[Stored items from a collection]

# # # # #

(* Let $m\geq 2$ and $n\geq 2$ be integers, let $P_m$ be the path of order $m$ and $K_n$ the complete graph of order $n$. Then $rvcl(P_m\diamond K_n)=\max\{rvc(P_m),\,n+2\}$.
   Context: All graphs are finite, simple, connected and undirected; $d$ denotes graph distance. A rainbow vertex $k$-coloring of $G$ is a map $c:V(G)\to\{1,\dots,k\}$ such that every two vertices are joined by a path whose internal vertices all receive distinct colors; $rvc(G)$ is the least $k$ for which $G$ has one. For such $c$ let $R_i=c^{-1}(i)$; the rainbow code of $v$ is $(d(v,R_1),\dots,d(v,R_k))$ with $d(v,R_i)=\min_{x\in R_i}d(v,x)$. A locating rainbow $k$-coloring is a rainbow vertex $k$-coloring in which distinct vertices have distinct rainbow codes; $rvcl(G)$ is the least $k$ for which one exists. For graphs $G_m$ (order $m$) and $H_n$ (order $n$) on disjoint vertex sets, the edge corona $G_m\diamond H_n$ is obtained from one copy of $G_m$ and $|E(G_m)|$ vertex-disjoint copies of $H_n$, one per edge of $G_m$, by joining both end vertices of the $j$-th edge of $G_m$ to every vertex of the $j$-th copy of $H_n$. *)

From mathcomp Require Import all_boot.
Set Implicit Arguments. Unset Strict Implicit. Unset Printing Implicit Defensive.

Section GraphDefs.
Variables (T : finType) (e : rel T).

(* graph distance: least k such that a walk of length k joins u to v
   (for connected graphs this is always < #|T|) *)
Definition dist (u v : T) : nat :=
  find (fun k => [exists p : k.-tuple T, path e u p && (last u p == v)])
       (iota 0 #|T|).

(* d(v, A) = min_{x in A} d(v, x); None encodes d(v, empty set) = infinity *)
Definition setdist (v : T) (A : {set T}) : option nat :=
  if A == set0 then None else Some (\big[minn/#|T|]_(x in A) dist v x).

(* internal vertices of the path u :: p (p ends at the last vertex) *)
Definition internal (p : seq T) : seq T := take (size p).-1 p.

Definition rainbow_path (k : nat) (c : T -> 'I_k) (u v : T) (p : seq T) : bool :=
  [&& path e u p, last u p == v, uniq (u :: p) & uniq (map c (internal p))].

(* rainbow vertex k-colouring (colours are 0..k-1 instead of 1..k);
   a path without repeated vertices has fewer than #|T| edges *)
Definition rainbow_coloring (k : nat) (c : T -> 'I_k) : bool :=
  [forall u, forall v,
     [exists l : 'I_#|T|, exists p : l.-tuple T, rainbow_path c u v p]].

Definition color_class (k : nat) (c : T -> 'I_k) (i : 'I_k) : {set T} :=
  [set x | c x == i].

Definition rainbow_code (k : nat) (c : T -> 'I_k) (v : T) : {ffun 'I_k -> option nat} :=
  [ffun i => setdist v (color_class c i)].

Definition locating_rainbow_coloring (k : nat) (c : T -> 'I_k) : bool :=
  rainbow_coloring c &&
  [forall u, forall v, (u != v) ==> (rainbow_code c u != rainbow_code c v)].

(* least k admitting such a colouring (an injective colouring with #|T|
   colours always works for connected graphs, so the search range suffices) *)
Definition rvc : nat :=
  find (fun k => [exists c : {ffun T -> 'I_k}, rainbow_coloring c])
       (iota 0 #|T|.+1).

Definition rvcl : nat :=
  find (fun k => [exists c : {ffun T -> 'I_k}, locating_rainbow_coloring c])
       (iota 0 #|T|.+1).

End GraphDefs.

Definition path_rel (m : nat) : rel 'I_m :=
  fun i j => (i.+1 == j :> nat) || (j.+1 == i :> nat).

Arguments path_rel m : clear implicits.

Definition complete_rel (n : nat) : rel 'I_n := fun x y => x != y.

Arguments complete_rel n : clear implicits.

Section EdgeCorona.
Variables (T U : finType) (e : rel T) (f : rel U).

Definition is_edge (A : {set T}) : bool :=
  [exists x, exists y, e x y && (A == [set x; y])].

Definition edge_t := {A : {set T} | is_edge A}.

(* vertices: those of G, plus one copy of H per edge of G *)
Definition ecorona_vertex : finType := (T + (edge_t * U))%type.

Definition ecorona_rel : rel ecorona_vertex := fun a b =>
  match a, b with
  | inl x, inl y => e x y
  | inl x, inr (E, _) => x \in val E
  | inr (E, _), inl x => x \in val E
  | inr (E, u), inr (F, w) => (E == F) && f u w
  end.

End EdgeCorona.
Arguments ecorona_vertex [T] U e.
Arguments ecorona_rel [T U] e f _ _.

From mathcomp Require Import all_boot zify.
Set Implicit Arguments. Unset Strict Implicit. Unset Printing Implicit Defensive.

(* Vertex 0 of the path and the copy of K_n on the edge {0,1} are n+1 pairwise
   true twins, all adjacent to vertex 1.  True twins of equal colour have equal
   rainbow codes, so a locating colouring separates them; and one more colour is
   needed, for otherwise vertex 1 has the colour of one of the twins and, being
   at distance 1 from every other colour class, the same code.

   No edge of the corona jumps over a path vertex, so every walk between two
   path vertices visits all path vertices in between.  Hence a colouring of the
   corona is rainbow exactly when it is injective on the interior path vertices
   (two non-adjacent vertices are joined through a run of interior path
   vertices), and likewise for P_m itself.  So rainbow colourings of the corona
   restrict to rainbow colourings of P_m, and rvc(P_m) >= m - 2.  Conversely,
   colour the interior path vertices injectively, the two ends of the path with
   two reserved colours and the copies of K_n with the remaining ones: this
   needs max(rvc(P_m), n + 2) colours, and it is locating because the distances
   to the two end classes fix the position of a vertex along the path. *)

Lemma find_iota_le (P : pred nat) N k : P k -> find P (iota 0 N) <= k.
Proof.
move=> Pk; case: (ltnP k N) => [kN | Nk].
  by rewrite leqNgt; apply/negP => /(before_find 0); rewrite nth_iota // add0n Pk.
by apply: leq_trans (find_size _ _) _; rewrite size_iota.
Qed.

Lemma find_iota_sat (P : pred nat) N :
  find P (iota 0 N) < N -> P (find P (iota 0 N)).
Proof.
move=> lt; have hasP : has P (iota 0 N) by rewrite has_find size_iota.
by have := nth_find 0 hasP; rewrite nth_iota ?add0n.
Qed.

Lemma find_iota_ge (P : pred nat) N L :
  L <= N -> (forall k, P k -> L <= k) -> L <= find P (iota 0 N).
Proof.
move=> LN lbP; case: (ltnP (find P (iota 0 N)) N) => [/find_iota_sat | ]; first exact: lbP.
exact: leq_trans.
Qed.

Lemma uniq_map_inj_in (T1 T2 : eqType) (f : T1 -> T2) (s : seq T1) :
  uniq (map f s) -> {in s &, injective f}.
Proof.
elim: s => [|y s IH] //= /andP [fy_s us] a b; rewrite !inE.
case/orP => [/eqP -> | ha]; case/orP => [/eqP -> | hb] // fab.
- by move: fy_s; rewrite fab map_f.
- by move: fy_s; rewrite -fab map_f.
- exact: IH.
Qed.

Lemma bigmin_le (I : finType) (A : {pred I}) (F : I -> nat) N z :
  z \in A -> \big[minn/N]_(x in A) F x <= F z.
Proof.
move=> zA; rewrite -big_filter.
have : z \in [seq x <- index_enum I | x \in A] by rewrite mem_filter zA mem_index_enum.
elim: (filter _ _) => [|y s IH] //; rewrite inE big_cons => /predU1P [<- | /IH].
  exact: geq_minl.
exact: leq_trans (geq_minr _ _).
Qed.

Section Graph.
Variables (T : finType) (e : rel T).

Lemma dist_le_card u v : dist e u v <= #|T|.
Proof. by apply: leq_trans (find_size _ _) _; rewrite size_iota. Qed.

Lemma dist_le_walk u p : path e u p -> dist e u (last u p) <= size p.
Proof.
by move=> pp; apply: find_iota_le; apply/existsP; exists (in_tuple p); rewrite pp /=.
Qed.

Lemma dist_walk u v : dist e u v < #|T| ->
  exists p, [/\ path e u p, last u p = v & size p = dist e u v].
Proof.
move/find_iota_sat/existsP => [p /andP [pp /eqP pv]].
by exists p; rewrite size_tuple.
Qed.

Lemma dist_xx u : dist e u u = 0.
Proof. by apply/eqP; rewrite -leqn0; apply: (@dist_le_walk u [::]). Qed.

Lemma dist_eq0 u v : dist e u v = 0 -> u = v.
Proof.
move=> d0; have /dist_walk [p [_ pv sp]] : dist e u v < #|T|.
  by rewrite d0; apply/card_gt0P; exists u.
by move: sp pv; rewrite d0; case: p.
Qed.

Lemma dist_adj_le x y z : e x y -> dist e x z <= (dist e y z).+1.
Proof.
move=> exy; case: (ltnP (dist e y z) #|T|) => [/dist_walk [p [pp <- <-]] | ge].
  by apply: (@dist_le_walk x (y :: p)); rewrite /= exy.
exact: leq_trans (dist_le_card x z) (leqW ge).
Qed.

Lemma path_lipschitz (f : T -> nat) :
  (forall x y, e x y -> f x <= (f y).+1) ->
  forall u p, path e u p -> f u <= f (last u p) + size p.
Proof.
move=> lip u p; elim: p u => [|y p IH] u /=; first by rewrite addn0.
by case/andP => /lip fuy /IH; lia.
Qed.

Lemma setdist_eq v (A : {set T}) z :
  z \in A -> (forall x, x \in A -> dist e v z <= dist e v x) ->
  setdist e v A = Some (dist e v z).
Proof.
move=> zA zmin; rewrite /setdist; case: eqP => [A0 | _].
  by move: zA; rewrite A0 inE.
congr Some; apply/eqP; rewrite eqn_leq bigmin_le //=.
apply: (big_ind (fun d => dist e v z <= d)); first exact: dist_le_card.
  by move=> a b ha hb; rewrite leq_min ha hb.
exact: zmin.
Qed.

# # # # #

> **Instructions to follow**:
Reprint exactly the lines above that start at the one with "- by move: fy_s; rewrite -fab map_f." and end at the one with "Lemma dist_le_card u v : dist e u v <= #|T|.", keeping both and adding none.

> **Task result**:
- by move: fy_s; rewrite -fab map_f.
- exact: IH.
Qed.

Lemma bigmin_le (I : finType) (A : {pred I}) (F : I -> nat) N z :
  z \in A -> \big[minn/N]_(x in A) F x <= F z.
Proof.
move=> zA; rewrite -big_filter.
have : z \in [seq x <- index_enum I | x \in A] by rewrite mem_filter zA mem_index_enum.
elim: (filter _ _) => [|y s IH] //; rewrite inE big_cons => /predU1P [<- | /IH].
  exact: geq_minl.
exact: leq_trans (geq_minr _ _).
Qed.

Section Graph.
Variables (T : finType) (e : rel T).

Lemma dist_le_card u v : dist e u v <= #|T|.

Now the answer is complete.